In that regard its the same or better than a human
I don't need it to be the source of truth, I need it to be conversational. It can make urban legends just like a person does, I don’t care, just give me a way to talk about a concept and decide if I want to learn more and it does that extremely well
I use search a lot in my workflow and my usage is showing 2k/month. I expected it would have been 3-4k.
Fingers crossed, but I have a good feeling about it. If it goes well the pricing seems fair.
The ability to essentially "weight" particular domains (pin, block, or anywhere in between) has saved me so much time. There are certain searches I do (music-related in particular) where I always want particular sites (metal-archives, bandcamp, etc) to be the first results, and having that as an option is great. It means that searches that I perform often have a result within the first 1-5 results that is exactly what I want.
No ads, way less SEO spam, and the ability to completely remove domains from results if I think I need to tweak it further. For most of my searches I previously used Google for- Kagi makes Google's results look laughably bad.
I've also been using it at work for tech searches (linux, redhat, etc) and it has saved me time there too.
I use a "family" account- and have one work account and one home account that way I can have different settings for different environments (would be neat if this could be built into non-family accounts though... like "personas" or "profiles" or something...) because I'm overpaying a bit to have the two account setup and don't reach the search cap. I think I'm okay with that though, because having the cap so high means I've removed the "running out of searches" anxiety from my usage of the service.
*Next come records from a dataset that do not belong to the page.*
Lemma derive_Efr_vert_horiz s z v h : xpart v = 0 ->
  derive (E s) z v 0 (lshift n h) = 0.
Proof.
move=> v_vert.
(* With x fixed, E s is affine in p; this is its slope along v. *)
rewrite (@derive_along_line _ _ _ _ _ _ (\row_k
    match fintype.split s, fintype.split k with
    | inl j, inr h => \sum_a ppart v 0 a * Gam a h j (xpart z)
    | _, _ => 0
    end)); first by rewrite mxE split_lshift; case: (fintype.split s).
move=> t; apply/rowP => k; rewrite !mxE xpart_line v_vert scaler0 add0r.
case: (fintype.split s) => j; case: (fintype.split k) => h';
  rewrite ?mulr0 ?addr0 //.
rewrite mulr_sumr -big_split /=; apply: eq_bigr => a _.
by rewrite ppart_line !mxE mulrDl addrC mulrA.
Qed.

Lemma lie_Efr_vert_l k s z h :
  fcE (lie (E (rshift n k)) (E s)) z 0 (lshift n h) = 0.
Proof.
rewrite fc_horiz /lie derive_Efr_vert subr0.
by apply: derive_Efr_vert_horiz; exact: xpart_Efr_vert.
Qed.

Lemma lie_Efr_vert_r k s z h :
  fcE (lie (E s) (E (rshift n k))) z 0 (lshift n h) = 0.
Proof.
rewrite fc_horiz /lie derive_Efr_vert sub0r mxE.
by rewrite derive_Efr_vert_horiz ?oppr0 ?xpart_Efr_vert.
Qed.

Lemma Cc_xpart a b e z1 z2 : xpart z1 = xpart z2 -> C a b e z1 = C a b e z2.
Proof. by rewrite /Cc => ->. Qed.

Lemma Cc_vert_l i b e z : C (rshift n i) b e z = 0.
Proof. by rewrite /Cc split_rshift. Qed.

Lemma Cc_vert_horiz a j h z : C a (rshift n j) (lshift n h) z = 0.
Proof. by rewrite /Cc split_rshift split_lshift; case: (fintype.split a). Qed.

Lemma derive_Cc_Efr_vert a b e k z :
  derive (C a b e) z (E (rshift n k) z) = 0.
Proof. exact: derive_xpart_vert (@Cc_xpart a b e) (xpart_Efr_vert k z). Qed.

Lemma derive_Cc_vert_l i b e z v : derive (C (rshift n i) b e) z v = 0.
Proof.
have -> : C (rshift n i) b e = cst 0 by apply/funext => z'; rewrite Cc_vert_l.
exact: derive_cst.
Qed.

Lemma derive_Cc_vert_horiz a j h z v :
  derive (C a (rshift n j) (lshift n h)) z v = 0.
Proof.
have -> : C a (rshift n j) (lshift n h) = cst 0.
  by apply/funext => z'; rewrite Cc_vert_horiz.
exact: derive_cst.
Qed.

Lemma Cc_vert_mid a j s h d z :
  C a (rshift n j) d z * C s d (lshift n h) z = 0.
Proof.
case: (split_ordP d) => [d' ->|d' ->]; first by rewrite Cc_vert_horiz mul0r.
by rewrite Cc_vert_horiz mulr0.
Qed.

Lemma ricT_vert_r a j z : ricT Gam c a (rshift n j) z = 0.
Proof.
rewrite /ricT; apply: big1 => s _; rewrite curv_comp_formula.
case: (split_ordP s) => k ->.
- rewrite !derive_Cc_vert_horiz subrr add0r.
  rewrite !big1 ?subrr // => d _; first by rewrite Cc_vert_horiz mulr0.
  by rewrite !Cc_vert_mid subrr.
- rewrite derive_Cc_Efr_vert derive_Cc_vert_l subrr add0r.
  rewrite !big1 ?subrr // => d _.
    case: (split_ordP d) => d' ->; first by rewrite lie_Efr_vert_l mul0r.
    by rewrite Cc_vert_l mulr0.
  by rewrite !Cc_vert_l !(mulr0, mul0r) subrr.
Qed.

Lemma ricT_vert_horiz i j z : ricT Gam c (rshift n i) (lshift n j) z = 0.
Proof.
rewrite /ricT; apply: big1 => s _; rewrite curv_comp_formula.
rewrite derive_Cc_vert_l derive_Cc_Efr_vert subrr add0r.
rewrite !big1 ?subrr // => d _.
  case: (split_ordP d) => d' ->; first by rewrite lie_Efr_vert_r mul0r.
  by rewrite Cc_vert_l mulr0.
by rewrite !Cc_vert_l !(mulr0, mul0r) subrr.
Qed.

Lemma gext_block z :
  gext c z = block_mx (\matrix_(i, j) c i j (xpart z)) 1%:M 1%:M 0.
Proof.
apply/matrixP => a b.
case: (split_ordP a) => i ->; case: (split_ordP b) => j ->;
by rewrite ?(block_mxEul, block_mxEur, block_mxEdl, block_mxEdr) !mxE
  ?split_lshift ?split_rshift.
Qed.

Lemma invmx_gext_horiz i j z : invmx (gext c z) (lshift n i) (lshift n j) = 0.
Proof. by rewrite gext_block invmx_block_C110 block_mxEul mxE. Qed.

End CotangentFrame.

Theorem theorem4 (R : realType) (n : nat) (U : set 'rV[R]_n)
  (Gam : 'I_n -> 'I_n -> 'I_n -> 'rV[R]_n -> R)
  (c : 'I_n -> 'I_n -> 'rV[R]_n -> R) :
  open U ->
  (forall h i j, smooth_on U (Gam h i j)) ->
  (forall i j, smooth_on U (c i j)) ->
  (forall h i j x, U x -> Gam h i j x = Gam h j i x) ->
  (forall i j x, U x -> c i j x = c j i x) ->
  forall z : 'rV[R]_(n + n), U (xpart z) -> scalT Gam c z = 0.
Proof.
move=> _ _ _ _ _ z _; rewrite /scalT; apply: big1 => a _; apply: big1 => b _.
case: (split_ordP b) => j ->; last by rewrite ricT_vert_r mul0r.
case: (split_ordP a) => i ->; first by rewrite invmx_gext_horiz mulr0.
by rewrite ricT_vert_horiz mul0r.
Qed.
Search engines should be able to support even those who are not SEO experts and not the first ones to arrive and sit on specific keywords. What I mean under that, if you have multiple good, exhaustive answers for a query, why not offer varying/random good results, so every link would have a chance? Let people break out of their bubbles.
Same power pyramid scheme. Yukk.
Google's done a lot of "improvements". I hate to say it but its quote feature has been broken for a decade. You're only now noticing?
I've tried using other search engines. I've settled on DuckDuckGo. It also does not have a working literal-quote feature. But it's much less infested with SEO garbage.
This post reeks of Kagi spam to me.
Sorry guys, your product failed, no one is going to pay for search no matter how much Google sucks. Move on.
After seeing the post and trying Yandex it was absolutely right, it’s what Google search used to be.
Now whenever I use Google and it’s just a list of ecommerce adds or content farms duplicating the same content without substance, I head to Yandex and get the type of results I used to get from Google.
That's not my experience? The quotes still seem to work for me? Do you have a specific example? And / or can you point to said HN post?
I spend some time reading a random website until I realize the sentences i was looking for is not there. Useless and frustrating.